Table The results of the analysis of water samples at the metro station "Old Village" before and after treatment No. p / p Indicators Units Analysis results before cleaning Analysis Results After Cleaning MPC for SanPin one pH Units pH 8.2 8.0 6-9 2 Smell Score 2 0 2.0 3 Smack Score 3 0 2.0 four Turbidity mg / dm ³ 43 0.28 1,5 5 Color hail. 39 2,3 20,0 6 Iron is common mg / dm ³ 1,2 <0.05 0.3 7 Oxidizability mg O ₂ / dm ³ 8.9 1.7 5,0 8 Ost. Act. chlorine mg / dm ³ 0.50 <0.15 0.8-1.2 9 Ost. aluminum mg / dm ³ 0.33 <0.04 0.5 10 Ammonia mg / dm ³ 1,0 0.5 2.0 eleven Rigidity mEq / dm ³ 1.3 0.95 7.0 12 Chloroform mg / dm ³ 0,03 <0.001 0.2

The essence of the method is as follows. An intermediate porous oxide layer is formed on a prepared plate of titanium or its alloys, for example, by electrochemical alloying of an oxidizable surface (ELOP). Next, the substrate with the obtained porous oxide sublayer is placed in the vacuum chamber of the magnetron sputtering device, pre-heated in vacuum to a temperature of 400-450 ° C, then the metal composition of the systems (Ti-Ru), (Ti-Ru-Ir) or (Zr- Ru) in a plasma-forming gas of argon and a reaction gas of oxygen, moreover, the argon pressure is kept constant throughout the entire deposition process, and the oxygen partial pressure is linearly changed from 0 Pa to 8 · 10 ^-2 Pa for 10 min, and upon reaching specified maxim At the same time, the oxide coating is deposited with the required thickness. As a result of this, the oxide content in the coating increases from 0% to 100% according to the same law from the intermediate layer to the surface.

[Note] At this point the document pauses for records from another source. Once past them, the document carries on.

(* Consider the single-server control problem of minimizing $\limsup_{T\to\infty}\frac1T\sum_{t=0}^{T-1}\mathbb{E}[c(X_t,\nu_t)]$ with $c(x,\nu)=Cx+(1-\nu)\lambda$. There exists an optimal stable stationary policy $v^*:\mathcal N\to\{0,1\}$, and $W(x)=e^{ax}$ (with $a>0$ satisfying $p(e^a-1)<\frac{q}{2}(1-e^{-a})$) serves as a Lyapunov function for the corresponding optimally controlled Markov chain $\{X^*_t\}$, i.e. $\mathbb{E}[W(X^*_{t+1})-W(X^*_t)\mid X^*_t]\le -bW(X^*_t)$ for $X^*_t\neq 0$, for some $b>0$.
   Context: Single-server (decoupled) problem: Bernoulli($p$) arrivals $\xi_t$, $p\in(0,1)$; queue length $X_t\in\mathcal N=\{0,1,2,\dots\}$ with $X_{t+1}=X_t-D_{t+1}+\nu_t\xi_{t+1}$, $\nu_t\in\{0,1\}$ an admissible control (1 = active, arrivals admitted; 0 = passive), where given $X_t=x\ge1$, $D_{t+1}\sim\mathrm{Binomial}(x,q/x)$ and there are no departures when $x=0$. Parameters: holding cost $C>0$, capacity $q$ with $1>q>2p$, Lagrange multiplier (subsidy/tax for passivity) $\lambda\in\mathbb R$. Cost per stage $c(x,\nu)=Cx+(1-\nu)\lambda$. *)

From Stdlib Require Import Reals List.
Open Scope R_scope.

Fixpoint sumR (n : nat) (f : nat -> R) : R :=
  match n with O => 0 | S m => sumR m f + f m end.

(* Binomial(x, q/x) probability mass at d (for x = 0 this is the point mass at 0). *)
Definition binom_pmf (q : R) (x d : nat) : R :=
  Binomial.C x d * (q / INR x) ^ d * (1 - q / INR x) ^ (x - d)%nat.

(* One-step conditional expectation E[f(X_{t+1}) | X_t = x, nu_t = nu]
   with X_{t+1} = X_t - D_{t+1} + nu * xi_{t+1},
   D ~ Binomial(x, q/x) (D = 0 when x = 0), xi ~ Bernoulli(p) independent. *)
Definition Ex (p q : R) (f : nat -> R) (x : nat) (nu : bool) : R :=
  sumR (S x)%nat (fun d =>
    binom_pmf q x d *
    (if nu then p * f (S (x - d)%nat) + (1 - p) * f (x - d)%nat else f (x - d)%nat)).

Definition cost (C lam : R) (x : nat) (nu : bool) : R :=
  C * INR x + (if nu then 0 else lam).

(* Admissible (history-dependent, possibly randomized) policy:
   given the past history [(X_0,nu_0);...;(X_{t-1},nu_{t-1})] and the current
   state X_t, returns the probability of choosing nu_t = 1 (active). *)
Definition policy := list (nat * bool) -> nat -> R.
Definition admissible (pi : policy) : Prop :=
  forall h x, 0 <= pi h x <= 1.

Definition stat (v : nat -> bool) : policy :=
  fun _ x => if v x then 1 else 0.

(* E[g(X_t, nu_t)] where the process is started (at "time 0" of the recursion)
   in current state x with past history h and follows pi. *)
Fixpoint Eval (p q : R) (pi : policy) (g : nat -> bool -> R) (t : nat)
  (h : list (nat * bool)) (x : nat) : R :=
  match t with
  | O => pi h x * g x true + (1 - pi h x) * g x false
  | S t' =>
      pi h x * Ex p q (Eval p q pi g t' (h ++ (x, true) :: nil)) x true
      + (1 - pi h x) * Ex p q (Eval p q pi g t' (h ++ (x, false) :: nil)) x false
  end.

Definition avg (p q : R) (pi : policy) (g : nat -> bool -> R) (x0 : nat) (T : nat) : R :=
  / INR T * sumR T (fun t => Eval p q pi g t nil x0).

(* limsup_{T->oo} u T < c  (in the extended reals) *)
Definition limsup_lt (u : nat -> R) (c : R) : Prop :=
  exists c', c' < c /\ exists N, forall T, (N <= T)%nat -> u T <= c'.

(* limsup u <= limsup w  (in the extended reals [-oo,+oo]) *)
Definition limsup_le (u w : nat -> R) : Prop :=
  forall c, limsup_lt w c -> limsup_lt u c.

Definition J (p q C lam : R) (pi : policy) (x0 : nat) : nat -> R :=
  avg p q pi (cost C lam) x0.

Definition stable (p q : R) (v : nat -> bool) : Prop :=
  forall x0, exists M, limsup_lt (avg p q (stat v) (fun x _ => INR x) x0) M.

Definition W (a : R) (x : nat) : R := exp (a * INR x).

From Stdlib Require Import Reals Lra Lia.
From Coquelicot Require Import Coquelicot.
Open Scope R_scope.

(* Vanishing discount. Given X_t = x, the survivors x - D are Binomial(x, 1 - q/x), so a
   one-step expectation is a Bernstein polynomial of the next-state function: it preserves
   monotonicity, and for W(x) = e^(a x) it equals k W(x) (1 - q (1 - e^-a) / x)^x
   <= (1 + p (e^a - 1)) e^(-q (1 - e^-a)) W(x), which is the Lyapunov drift for either action.

   The discounted values V_beta are increasing in x. Staying passive at x + 1 reaches x with
   probability bounded below, which bounds V_beta(x) - V_beta(0) uniformly in beta, while
   (1 - beta) V_beta(0) lies in [min(lam, 0), lam]. Along beta_n -> 1 the limsup G of
   (1 - beta_n) V_beta_n(0) and the liminf h of V_beta_n - V_beta_n(0) satisfy the average-cost
   optimality inequality min_nu (c(x, nu) + E h) <= G + h(x). The minimizing stationary policy
   thus has average cost at most G, and is stable since c(x, nu) >= C x + min(lam, 0).
   Conversely, (1 - beta) V_beta(x0) exceeds the limsup average cost of an admissible policy by
   at most O(1 - beta) (summation by parts), so no policy does better than G. *)

(** * Finite sums and real sequences *)

Lemma sumR_ext n f g : (forall i, (i < n)%nat -> f i = g i) -> sumR n f = sumR n g.
Proof.
  induction n as [|n IH]; simpl; intros H; [reflexivity|].
  rewrite IH by (intros; apply H; lia). rewrite H by lia. reflexivity.
Qed.

Lemma sumR_le n f g : (forall i, (i < n)%nat -> f i <= g i) -> sumR n f <= sumR n g.
Proof.
  induction n as [|n IH]; simpl; intros H; [lra|].
  assert (sumR n f <= sumR n g) by (apply IH; intros; apply H; lia).
  assert (f n <= g n) by (apply H; lia). lra.
Qed.

Lemma sumR_lin n a f g : sumR n (fun i => a * f i + g i) = a * sumR n f + sumR n g.
Proof. induction n as [|n IH]; simpl; [ring|]. rewrite IH; ring. Qed.

Lemma sumR_plus n f g : sumR n (fun i => f i + g i) = sumR n f + sumR n g.
Proof. induction n as [|n IH]; simpl; [ring|]. rewrite IH; ring. Qed.

Lemma sumR_const n c : sumR n (fun _ => c) = INR n * c.
Proof. induction n as [|n IH]; simpl sumR; [simpl; ring|]. rewrite IH, S_INR; ring. Qed.

Lemma sumR_minus_const n a c : sumR n (fun i => a i - c) = sumR n a - c * INR n.
Proof. induction n as [|n IH]; simpl sumR; [simpl; ring|]. rewrite IH, S_INR; ring. Qed.

Lemma sumR_first n f : sumR (S n) f = f O + sumR n (fun i => f (S i)).
Proof. induction n as [|n IH]; simpl in *; [ring|]. rewrite IH; ring. Qed.

Lemma sumR_nonneg n f : (forall i, 0 <= f i) -> 0 <= sumR n f.
Proof. intros H. induction n as [|n IH]; simpl; [lra|]. specialize (H n). lra. Qed.

Lemma sumR_geom beta n : (1 - beta) * sumR n (fun t => beta ^ t) = 1 - beta ^ n.
Proof. induction n as [|n IH]; simpl sumR; simpl pow; [ring|]. rewrite Rmult_plus_distr_l, IH; ring. Qed.

Lemma sumR_abel a beta n :
  beta * sumR n (fun t => beta ^ t * a t) =
  beta ^ n * sumR n a + (1 - beta) * sumR n (fun t => beta ^ t * sumR t a).
Proof.
  induction n as [|n IH]; simpl sumR; simpl pow; [ring|].
  transitivity (beta * sumR n (fun t => beta ^ t * a t) + beta * beta ^ n * a n); [ring|].
  rewrite IH; ring.
Qed.

Lemma pow_unit_interval r n : 0 <= r <= 1 -> 0 <= r ^ n <= 1.
Proof. intros Hr. split; [apply pow_le | rewrite <- (pow1 n); apply pow_incr]; lra. Qed.

Lemma sumR_nonneg_le_len n m f : (forall i, 0 <= f i) -> (n <= m)%nat -> sumR n f <= sumR m f.
Proof. intros Hf Hnm. induction Hnm as [|m _ IH]; simpl; [lra|]. specialize (Hf m). lra. Qed.

Lemma sumR_discounted_le_pos_part f beta N m :
  0 <= beta <= 1 -> (forall t, (N <= t)%nat -> f t <= 0) ->
  sumR m (fun t => beta ^ t * f t) <= sumR N (fun t => Rmax (f t) 0).
Proof.
  intros Hb Hf.
  assert (Hpos : forall t, 0 <= Rmax (f t) 0) by (intros; apply Rmax_r).
  assert (Hstep : forall k,
    sumR k (fun t => beta ^ t * f t) <= sumR (Nat.min k N) (fun t => Rmax (f t) 0)).
  { induction k as [|k IH]; [simpl; lra|]. simpl sumR at 1.
    assert (0 <= beta ^ k <= 1) by (apply pow_unit_interval; lra).
    destruct (Nat.le_gt_cases N k) as [HN | HN].
    - rewrite Nat.min_r by lia. rewrite Nat.min_r in IH by lia.
      assert (f k <= 0) by auto. nra.
    - rewrite Nat.min_l by lia. rewrite Nat.min_l in IH by lia. simpl sumR.
      assert (f k <= Rmax (f k) 0) by apply Rmax_l. specialize (Hpos k). nra. }
  eapply Rle_trans; [apply Hstep|]. apply sumR_nonneg_le_len; [auto | lia].
Qed.

Lemma discounted_sum_le_of_partial_sums a c N :
  (forall T, (N <= T)%nat -> sumR T a <= c * INR T) ->
  exists K, forall beta m, 1 / 2 <= beta < 1 -> (N <= m)%nat ->
    (1 - beta) * sumR m (fun t => beta ^ t * a t) <= c * (1 - beta ^ m) + K * (1 - beta).
Proof.
  intros Ha. set (f := fun t => sumR t a - c * INR t).
  assert (Hf : forall t, (N <= t)%nat -> f t <= 0) by (intros t Ht; unfold f; specialize (Ha t Ht); lra).
  set (K := sumR N (fun t => Rmax (f t) 0)).
  assert (HK : 0 <= K) by (apply sumR_nonneg; intros; apply Rmax_r).
  exists (2 * K). intros beta m Hb Hm.
  set (X := sumR m (fun t => beta ^ t * (a t - c))).
  assert (HX : beta * X <= (1 - beta) * K).
  { assert (Habel := sumR_abel (fun t => a t - c) beta m). cbv beta in Habel. fold X in Habel.
    rewrite sumR_minus_const in Habel. fold (f m) in Habel.
    rewrite (sumR_ext _ _ (fun t => beta ^ t * f t)) in Habel
      by (intros; unfold f; rewrite sumR_minus_const; reflexivity).
    assert (0 <= beta ^ m) by (apply pow_le; lra). assert (f m <= 0) by auto.
    assert (sumR m (fun t => beta ^ t * f t) <= K) by (apply sumR_discounted_le_pos_part; [lra | auto]).
    nra. }
  assert (Hsplit : sumR m (fun t => beta ^ t * a t) = X + c * sumR m (fun t => beta ^ t)).
  { unfold X. rewrite Rplus_comm, <- sumR_lin. apply sumR_ext. intros; ring. }
  rewrite Hsplit, Rmult_plus_distr_l, (Rmult_comm c), <- Rmult_assoc, sumR_geom.
  assert (X <= 2 * (1 - beta) * K) by (destruct (Rle_dec 0 X); nra).
  assert ((1 - beta) * X <= 2 * K * (1 - beta)).
  { apply Rle_trans with ((1 - beta) * (2 * (1 - beta) * K)); [apply Rmult_le_compat_l; lra|].
    assert (0 <= beta * (1 - beta) * K) by (apply Rmult_le_pos; [apply Rmult_le_pos|]; lra). nra. }
  rewrite Rmult_comm. lra.
Qed.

An example implementation of the method.

A VT 1-0 titanium plate is degreased, washed with distilled water and dried in air.

The prepared plate is subjected to electrochemical alloying of the oxidized surface in an aqueous solution of sodium salts at a pH of 8-10 in the galvanostatic mode at a current density of 0.1 A / dm, an oxidation time of 15 minutes and an electrolyte temperature of 25 ° C. The voltage ranged from 0 V to 360 V.

As a result of processing, a porous oxide sublayer of a thickness of 6-8 μm is formed from titanium dioxide.

Next, a gradient oxide coating was deposited onto the sample surface thus prepared in a magnetron sputtering apparatus using a metal target of the composition (Ti-Ru). The plates are placed in a vacuum chamber of a magnetron sputtering device. The camera is pumped to a residual pressure of no higher than 2 · 10 ^-3 Pa. Then the samples are heated in vacuum to a temperature of 400 ± 30 ° C. After that, a plasma-forming gas, argon, is supplied to the vacuum chamber to a pressure of (3-5) · 10 ^-1 Pa and is maintained at a predetermined level during the entire deposition process. A voltage is applied to the composite target (Ti-Ru) and a plasma discharge with a current density of ~ 0.25 A / cm ^{2 is} excited. After that, the reaction gas is supplied with oxygen in a vacuum chamber with an increase in the partial pressure of oxygen according to the linear law from 0 Pa to 8 · 10 ^-2 Pa for 10 min. Further, the coating is applied at a steady oxygen pressure for 20 minutes.

The inventive technology provides a low content of metal impurities that reduce the corrosion resistance of the coating, and uniformity of the coating composition, a developed surface to ensure high electrocatalytic activity of the coating when working in water treatment systems, the absence of internal stresses and high adhesion of the coating to the substrate.

Claims (1)

A method for producing a gradient catalytic coating on a substrate of titanium or its alloy, comprising magnetron sputter coating, characterized in that before applying the said coating, an intermediate porous sublayer of titanium oxides is formed, and when the said coating is applied, the magnetron sputtering of the metal component of the systems (Ti-Ru ), (Ti-Ru-Ir) or (Zr-Ru) is carried out in a vacuum chamber in a plasma-forming gas of argon and a reaction gas of oxygen, and the pressure of argon is kept constant during the deposition process, and the oxygen partial pressure is increased linearly from 0 Pa to 8 × 10 ^-2 Pa for 10 minutes and at an oxygen pressure of steady composition is sprayed onto said metal to a desired thickness to obtain the gradient of the catalytic coating, wherein the oxide content increases from 0% to 100% from the intermediate layer to the surface.